Authors: Niyati Sharma, Om Anand, Sanjeev Kumar Prasad

Abstract:

Assuming future sale value for any of the organizations is one of the major essential characteristics of tactical development. Walmart Sales Forecasting is the finest illustration to work with as a beginner; subsequently, it has the major retail data set. Walmart uses this sales estimate problem for hiring purposes also. We would like to analyzing how the internal and external effects of one of the largest companies in the US can walk out their Weekly Sales in the future. Demand forecasting is the planned prerequisite of products or services in the imminent on the basis of present and previous data and different stages of the market.
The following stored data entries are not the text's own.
(* Let $F$ be a cumulative distribution function of a nonnegative random variable, let $0<\sigma_1<\sigma_2<\cdots<\sigma_T$ be points (arrivals) on the positive real line, and let $\mathbf p=(p_1,\dots,p_T)\in[0,1]^T$. For every $t\in[T]$, the probability that the unit is available at arrival $\sigma_t$ in the random $(F,\boldsymbol\sigma,\mathbf p)$ process is equal to the fraction of the resource available at arrival $\sigma_t$ in the fluid $(F,\boldsymbol\sigma,\mathbf p)$ process. Consequently, the expected reward $r(F,\boldsymbol\sigma,\mathbf p)$ of the random process equals the total reward of the fluid process.
   Context: Random $(F,\boldsymbol\sigma,\mathbf p)$ process: a single unit of a resource starts at time $0$ in the available state; time moves forward along the real line. If the unit is available just prior to $\sigma_t$, then with probability $p_t$ (independently of everything else) it becomes in-use for a random duration $d$ drawn independently from $F$: it is in use on $(\sigma_t,\sigma_t+d)$ and becomes available again at time $\sigma_t+d$. Each switch from available to in-use earns reward $1$; $r(F,\boldsymbol\sigma,\mathbf p)$ denotes the expected total reward. Fluid $(F,\boldsymbol\sigma,\mathbf p)$ process: a single unit of resource is treated as divisible, with fraction $1$ available at time $0$. If a fraction $\delta_t$ is available when $\sigma_t$ arrives, a fraction $p_t\delta_t$ is consumed at $\sigma_t$, earning reward $p_t\delta_t$; of this consumed amount, exactly a fraction $F(d)$ has returned and is available again by time $\sigma_t+d$, for every $d\ge 0$. *)

From HB Require Import structures.
From mathcomp Require Import all_boot all_order all_algebra.
From mathcomp Require Import all_classical all_reals all_analysis.
Set Implicit Arguments. Unset Strict Implicit. Unset Printing Implicit Defensive.
Import Order.TTheory GRing.Theory Num.Theory.
Import numFieldNormedType.Exports.
Local Open Scope classical_set_scope.
Local Open Scope ring_scope.

(* Arrivals are indexed 0..n-1 (paper: 1..T). *)

Definition is_cdf_nonneg (R : realType) (F : R -> R) : Prop :=
  [/\ {homo F : x y / x <= y},
      (forall x : R, F y @[y --> x^'+] --> F x),
      (forall x : R, x < 0 -> F x = 0) &
      F x @[x --> +oo] --> (1 : R)].

Section Processes.
Variables (R : realType) (F : R -> R) (sigma p : nat -> R).

(* ---- Random process, on a sample point: coin k says whether arrival k would
   consume the unit if available; dur k is the duration that would be drawn. *)
Variables (coin : nat -> bool) (dur : nat -> R).

(* time at which the unit is (again) available, after processing arrivals 0..k-1 *)
Fixpoint release_time (k : nat) : R :=
  match k with
  | 0 => 0
  | k'.+1 => let f := release_time k' in
             if (f <= sigma k') && coin k' then sigma k' + dur k' else f
  end.

Definition avail (k : nat) : bool := release_time k <= sigma k.

Definition random_reward (n : nat) : R :=
  \sum_(k < n) (avail k && coin k)%:R.

End Processes.

Section Fluid.
Variables (R : realType) (F : R -> R) (sigma p : nat -> R).

(* fractions available at arrivals 0..k-1:  delta_k = 1 - sum_{s<k} p_s delta_s (1 - F(sigma_k - sigma_s)) *)
Fixpoint fluid_deltas (k : nat) : seq R :=
  match k with
  | 0 => [::]
  | k'.+1 => let ds := fluid_deltas k' in
             rcons ds (1 - \sum_(s < k') p s * nth 0 ds s * (1 - F (sigma k' - sigma s)))
  end.

Definition fluid_avail (k : nat) : R := nth 0 (fluid_deltas k.+1) k.

Definition fluid_reward (n : nat) : R := \sum_(k < n) p k * fluid_avail k.
End Fluid.

Definition mutually_independent d (T : measurableType d) (R : realType)
  (P : probability T R) (n : nat) (coin : nat -> T -> bool) (dur : nat -> T -> R) : Prop :=
  forall (A : nat -> set bool) (B : nat -> set R),
    (forall i, measurable (B i)) ->
    fine (P (\bigcap_(i in [set i | (i < n)%N])
               ([set w | A i (coin i w)] `&` (dur i @^-1` B i)))) =
    \prod_(i < n) (fine (P [set w | A i (coin i w)]) * fine (P (dur i @^-1` B i))).

From HB Require Import structures.
From mathcomp Require Import all_boot all_order all_algebra.
From mathcomp Require Import all_classical all_reals all_analysis.
From mathcomp Require Import ring.
Set Implicit Arguments. Unset Strict Implicit. Unset Printing Implicit Defensive.
Import Order.TTheory GRing.Theory Num.Theory.
Import numFieldNormedType.Exports.
Local Open Scope classical_set_scope.
Local Open Scope ring_scope.

(* Write r_m for the time at which the unit is available after arrivals
   0..m-1 have been processed, and a_m(k) = 1 - sum_(s<m) p_s delta_s
   (1 - F(sigma_k - sigma_s)) for the fluid fraction available at sigma_k
   once only the consumptions of arrivals 0..m-1 are accounted for; the fluid
   availability is delta_k = a_k(k).  The key invariant, proved by induction
   on m, is that for every k >= m and every event C depending only on the
   coins and durations of arrivals >= m,
       P(r_m <= sigma_k  and  C) = a_m(k) P(C).
   The induction step splits {r_(m+1) <= sigma_k} as {r_m <= sigma_k} minus
   {r_m <= sigma_m, coin_m, dur_m > sigma_k - sigma_m} and uses independence
   of (coin_m, dur_m) from the later coordinates.  Taking m = k and C the
   sure event (resp. {coin_k}) gives P(available at sigma_k) = delta_k
   (resp. P(reward at k) = p_k delta_k); summing over k gives the rewards. *)

Section FluidRecursion.
Variables (R : realType) (F : R -> R) (sigma p : nat -> R).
Since all associations is facing the anonymous future and we do not distinguish in the future good demand. Hence, through exploring former statistics and recent market statistics, we envisage the forthcoming claim and building of individual goods, which are extra challenging in the near future. As a result of this, we are producing the required products in pursuance of the petition of the souk in advance. We will be using several machine learning models to test the exactness and then lastly, train the whole data by Using linear regression and fitting the training data into it. Accuracy is 8.88%. The extra trees regression model gives the best accuracy of 97.15%.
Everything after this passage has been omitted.